Возможно ли далее уйти от признания самоценности слова? А меж тем это принадлежит не чьей-то посторонней и презрительной руке: это писано Фонвизиным! Да, им — хотя и в молодости, хотя и всего лишь переведено, а не сочинено самолично. Впрочем, он еще смолоду, переводя, популяризировал мысли, ему недальние, — так было и на сей раз, когда в 1766 году он издал книгу аббата Габриэля Франсуа Куайе «Торгующее дворянство».

Сочинители — как подспорье для книгопродавцев. Сочинители, которые, брось они свои сочинения, глядишь, сделались бы игроками, пьяницами и разбойниками… И эти-то суждения, если и не выражающие собственные мысли переводчика, то, по крайней мере, не отпугнувшие его от перевода, высказаны в век, когда перед литераторами, казалось бы, напротив, следовало преклонить колени. Хотя бы за то, что они — великие труженики!

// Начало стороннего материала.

Lemma lwins_intE a b YL YR p m :
  lwins_int a b (Game YL YR) p m = lwins TB (Game (intsumL a b YL YR) (intsumR a b YL YR)) p m.
Proof. by case: a; case: b. Qed.

Lemma lmove_wins_intsumL a b YL YR q m : lmove_wins (intsumL a b YL YR) q m =
  (if a is a'.+1 then lwins_int a' b (Game YL YR) q m else false)
  || has (fun y => lwins_int a b y q m) YL.
Proof. by rewrite /lmove_wins has_cat has_map; case: a => [|a] //=; rewrite orbF. Qed.

Lemma rmove_wins_intsumR a b YL YR q m : rmove_wins (intsumR a b YL YR) q m =
  (if b is b'.+1 then ~~ lwins_int a b' (Game YL YR) q m else false)
  || has (fun y => ~~ lwins_int a b y q m) YR.
Proof. by rewrite /rmove_wins has_cat has_map; case: b => [|b] //=; rewrite orbF. Qed.

Lemma lwins_int_mono Y a b a' b' p m : p <= TB -> a <= a' -> b' <= b ->
  lwins_int a b Y p m -> lwins_int a' b' Y p m.
Proof.
elim/game_ind_in: Y a b a' b' p m => YL YR IHL IHR a b a' b' p m.
have [k] := ubnP (a + b); elim: k a b a' b' p m => // k IHk a b a' b' p m abk pTB aa' b'b.
rewrite !lwins_intE; apply: lwins_options_mono => // q m' qTB.
- rewrite !lmove_wins_intsumL => /orP [w|w]; apply/orP; [left|right].
  + case: a w aa' abk => [|a] // w aa' abk; case: a' aa' => [|a'] // aa'.
    by apply: IHk w => //; lia.
  + by apply: has_in_mono w => y yL; apply: IHL.
- rewrite !rmove_wins_intsumR => /orP [w|w]; apply/orP; [left|right].
  + case: b' w b'b => [|b'] // w b'b; case: b b'b abk => [|b] // b'b abk.
    by apply/contra: w; apply: IHk => //; lia.
  + by apply: has_in_mono w => y yR; apply/contra/IHR.
Qed.

Lemma lmove_wins_intsum_mono a b a' b' YL YR q m : q <= TB -> a <= a' -> b' <= b ->
  lmove_wins (intsumL a b YL YR) q m -> lmove_wins (intsumL a' b' YL YR) q m.
Proof.
move=> qTB aa' b'b; rewrite !lmove_wins_intsumL => /orP [w|w]; apply/orP; [left|right].
- case: a w aa' => [|a] // w aa'; case: a' aa' => [|a'] // aa'.
  by apply: lwins_int_mono w => //; lia.
- by apply: has_in_mono w => y _; apply: lwins_int_mono.
Qed.

Lemma rmove_wins_intsum_mono a b a' b' YL YR q m : q <= TB -> a <= a' -> b' <= b ->
  rmove_wins (intsumR a' b' YL YR) q m -> rmove_wins (intsumR a b YL YR) q m.
Proof.
move=> qTB aa' b'b; rewrite !rmove_wins_intsumR => /orP [w|w]; apply/orP; [left|right].
- case: b' w b'b => [|b'] // w b'b; case: b b'b => [|b] // b'b.
  by apply/contra: w; apply: lwins_int_mono => //; lia.
- by apply: has_in_mono w => y _; apply/contra/lwins_int_mono.
Qed.

(* Left bids one dollar less than before and wins the former ties with the
   marker; a zero bid is replaced by a tie won by moving in the extra integer. *)
Lemma lwins_int_marker a b Y p : p <= TB ->
  lwins_int a b Y p false -> lwins_int a.+1 b Y p true.
Proof.
case: Y => YL YR pTB w; have := w; rewrite !lwins_intE => /lwinsP [l lp wl].
apply/lwinsP; case: l lp wl => [|l] lp wl.
- exists 0 => // -[|r] rb.
  + by rewrite outcomeT_eq subn0 lmove_wins_intsumL w.
  + rewrite outcomeT_gt //; have := wl r.+1 rb; rewrite outcomeF_lt //.
    by apply/contra => Rr; apply/orP; right; apply: rmove_wins_intsum_mono Rr => //; lia.
- have Lw : lmove_wins (intsumL a b YL YR) (p - l.+1) false ->
              lmove_wins (intsumL a.+1 b YL YR) (p - l) false.
    move=> Ll; apply: (@lmove_wins_intsum_mono a b) => //; first lia.
    by apply: lmove_wins_mono Ll => g _; apply: lwins_budget_mono; lia.
  exists l => [|r rb]; first lia.
  case: (ltngtP l r) => [lr|rl|lr].
  + rewrite outcomeT_gt //; have := wl r rb.
    case: (ltngtP l.+1 r) => [lr'|rl'|lr']; first rewrite outcomeF_lt //; last first.
    * by rewrite -lr' outcomeF_eq; apply/contra/rmove_wins_intsum_mono => //; lia.
    * lia.
    * by apply/contra => Rr; apply/orP; right; apply: rmove_wins_intsum_mono Rr => //; lia.
  + rewrite outcomeT_lt //; have := wl r rb; rewrite outcomeF_gt; last lia.
    by move/Lw => Ll; apply/orP; right.
  + by have := wl r rb; rewrite -lr outcomeT_eq outcomeF_gt // => /Lw.
Qed.

Lemma nlwins_int_marker a b Y p : p <= TB ->
  ~~ lwins_int a b Y p true -> ~~ lwins_int a b.+1 Y p false.
Proof.
case: Y => YL YR pTB Nw; have := Nw; rewrite !lwins_intE => /lwinsPn Nwl.
apply/lwinsPn => l lp; have [r rb Nwlr] := Nwl l lp.
case: (ltngtP l r) => [lr|rl|lr].
- exists r => //; rewrite outcomeF_lt //; move: Nwlr; rewrite outcomeT_gt // !negbK => Rr.
  by apply/orP; right; apply: rmove_wins_intsum_mono Rr => //; lia.
- exists r => //; rewrite outcomeF_gt //; move: Nwlr; rewrite outcomeT_lt //.
  by apply/contra => Ll; apply/orP; right; apply: lmove_wins_intsum_mono Ll => //; lia.
- move: Nwlr; rewrite -lr outcomeT_eq; case: l lr lp => [|l] lr lp Nwlr.
  + exists 0 => //; rewrite outcomeF_eq negbK addn0 rmove_wins_intsumR /=.
    by rewrite Nw.
  + exists l; first lia.
    rewrite outcomeF_gt //; apply/contra: Nwlr; apply: lmove_wins_intsum_mono => //; lia.
Qed.

Lemma rmove_wins_intsumR0 c YL YR p q m :
  (forall y, List.In y YR -> lwins_int c 0 y p true) -> p <= q -> q <= TB -> m || (p < q) ->
  ~~ rmove_wins (intsumR c 0 YL YR) q m.
Proof.
move=> wR pq qTB mpq; rewrite rmove_wins_intsumR; apply/has_inPn => y /wR w; rewrite negbK.
case: m mpq => /= [_|pq']; first exact: lwins_budget_mono w.
by apply: (@lwins_budget_mono _ p.+1) => //; apply: lwins_dollar_marker w; lia.
Qed.

Lemma lmove_wins_intsumL0 c YL YR p q m :
  (forall y, List.In y YL -> ~~ lwins_int 0 c y p false) ->
  p <= TB -> q <= p -> ~~ m || (q < p) ->
  ~~ lmove_wins (intsumL 0 c YL YR) q m.
Proof.
move=> NwL pTB qp mqp; rewrite lmove_wins_intsumL; apply/has_inPn => y /NwL; apply/contra => w.
case: m mqp w => /= [qp' w|_]; last exact: lwins_budget_mono.
by apply: (@lwins_budget_mono _ q.+1) => //; apply: lwins_dollar_marker w; lia.
Qed.

Lemma lwins_int_S0 a YL YR p m : p <= TB ->
  (forall y, List.In y YR -> lwins_int a 0 y p m) -> lwins_int a.+1 0 (Game YL YR) p m.
Proof.
move=> pTB wR.
have wR' y : List.In y YR -> lwins_int a.+1 0 y p true.
  by case: m wR => wR /wR; [apply: lwins_int_mono | apply: lwins_int_marker].
rewrite lwins_intE; apply/lwinsP; exists 0 => // r rb.
case: m wR => wR; case: r rb => [|r] rb.
- rewrite outcomeT_eq subn0 lmove_wins_intsumL /=; apply/orP; left.
  rewrite lwins_intE; apply/lwinsP; exists 0 => // -[|r'] rb'.
  + by rewrite outcomeF_eq addn0; apply: (rmove_wins_intsumR0 YL wR).
  + rewrite outcomeF_lt // negb_or; apply/andP.
    by split; apply: (rmove_wins_intsumR0 YL wR) => //=; lia.
- by rewrite outcomeT_gt //; apply: (rmove_wins_intsumR0 YL wR') => //; lia.
- by rewrite outcomeF_eq addn0; apply: (rmove_wins_intsumR0 YL wR').
- rewrite outcomeF_lt // negb_or; apply/andP.
  by split; apply: (rmove_wins_intsumR0 YL wR') => //=; lia.
Qed.

Lemma nlwins_int_0S b YL YR p m : p <= TB ->
  (forall y, List.In y YL -> ~~ lwins_int 0 b y p m) -> ~~ lwins_int 0 b.+1 (Game YL YR) p m.
Proof.
move=> pTB NwL.
have NwL' y : List.In y YL -> ~~ lwins_int 0 b.+1 y p false.
  by case: m NwL => NwL /NwL; [apply: nlwins_int_marker | apply/contra/lwins_int_mono].
rewrite lwins_intE; apply/lwinsPn => l lp; exists 0 => //.
case: m NwL => NwL; case: l lp => [|l] lp.
- by rewrite outcomeT_eq subn0; apply: (lmove_wins_intsumL0 YR NwL').
- rewrite outcomeT_lt // negb_or; apply/andP.
  by split; apply: (lmove_wins_intsumL0 YR NwL') => //=; lia.
- rewrite outcomeF_eq addn0 negbK rmove_wins_intsumR /=; apply/orP; left.
  rewrite lwins_intE; apply/lwinsPn => -[|l'] lp'; exists 0 => //.
  + by rewrite outcomeT_eq subn0; apply: (lmove_wins_intsumL0 YR NwL).
  + rewrite outcomeT_lt // negb_or; apply/andP.
    by split; apply: (lmove_wins_intsumL0 YR NwL) => //=; lia.
- by rewrite outcomeF_gt //; apply: (lmove_wins_intsumL0 YR NwL') => //; lia.
Qed.

Lemma lwins_int_succ Y a b p m : p <= TB -> lwins_int a b Y p m -> lwins_int a.+1 b.+1 Y p m.
Proof.
elim/game_ind_in: Y a b p m => YL YR IHL IHR a b p m.
have [k] := ubnP (a + b); elim: k a b p m => // k IHk a b p m abk pTB.
rewrite !lwins_intE; apply: lwins_options_mono => // q m' qTB.
- rewrite !lmove_wins_intsumL => /orP [w|w]; apply/orP; [left|right].
  + by case: a w abk => [|a] // w abk; apply: IHk w => //; lia.
  + by apply: has_in_mono w => y yL; apply: IHL.
- rewrite !rmove_wins_intsumR => /orP [w|w]; apply/orP; last first.
  + by right; apply: has_in_mono w => y yR; apply/contra/IHR.
  case: b w abk => [|b] w abk; last by left; apply/contra: w; apply: IHk => //; lia.
  right; apply: contraNT w => /has_inPn NwR.
  by apply: lwins_int_S0 => // y /NwR; rewrite negbK.
Qed.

Я уже не говорю о винчианской разносторонности Ломоносова, но как широки интересы и нашего героя, Дениса Ивановича Фонвизина: от комедии, прозы, стихов, лингвистики — до живописи, музыки и физики! А каков друг Державина и Капниста Николай Александрович Львов: поэт, архитектор, живописец, музыкант, механик, геолог, изобретатель! К тому ж все они — люди служащие, сочинительству посвящающие лишь досуг, не более того. Допустим, Херасков около полусотни лет почти без остатка отдавал себя Московскому университету как его директор и куратор; остаток меж тем оказался огромен — хотя бы и в построчном исчислении. А какова плодовитость Державина, успевшего между делом (нет, между словом!) служить в гвардии и в Сенате, побывать олонецким и тамбовским губернатором, быть личным секретарем Екатерины, президентом Коммерц-коллегии, вторым министром при казначействе, министром юстиции…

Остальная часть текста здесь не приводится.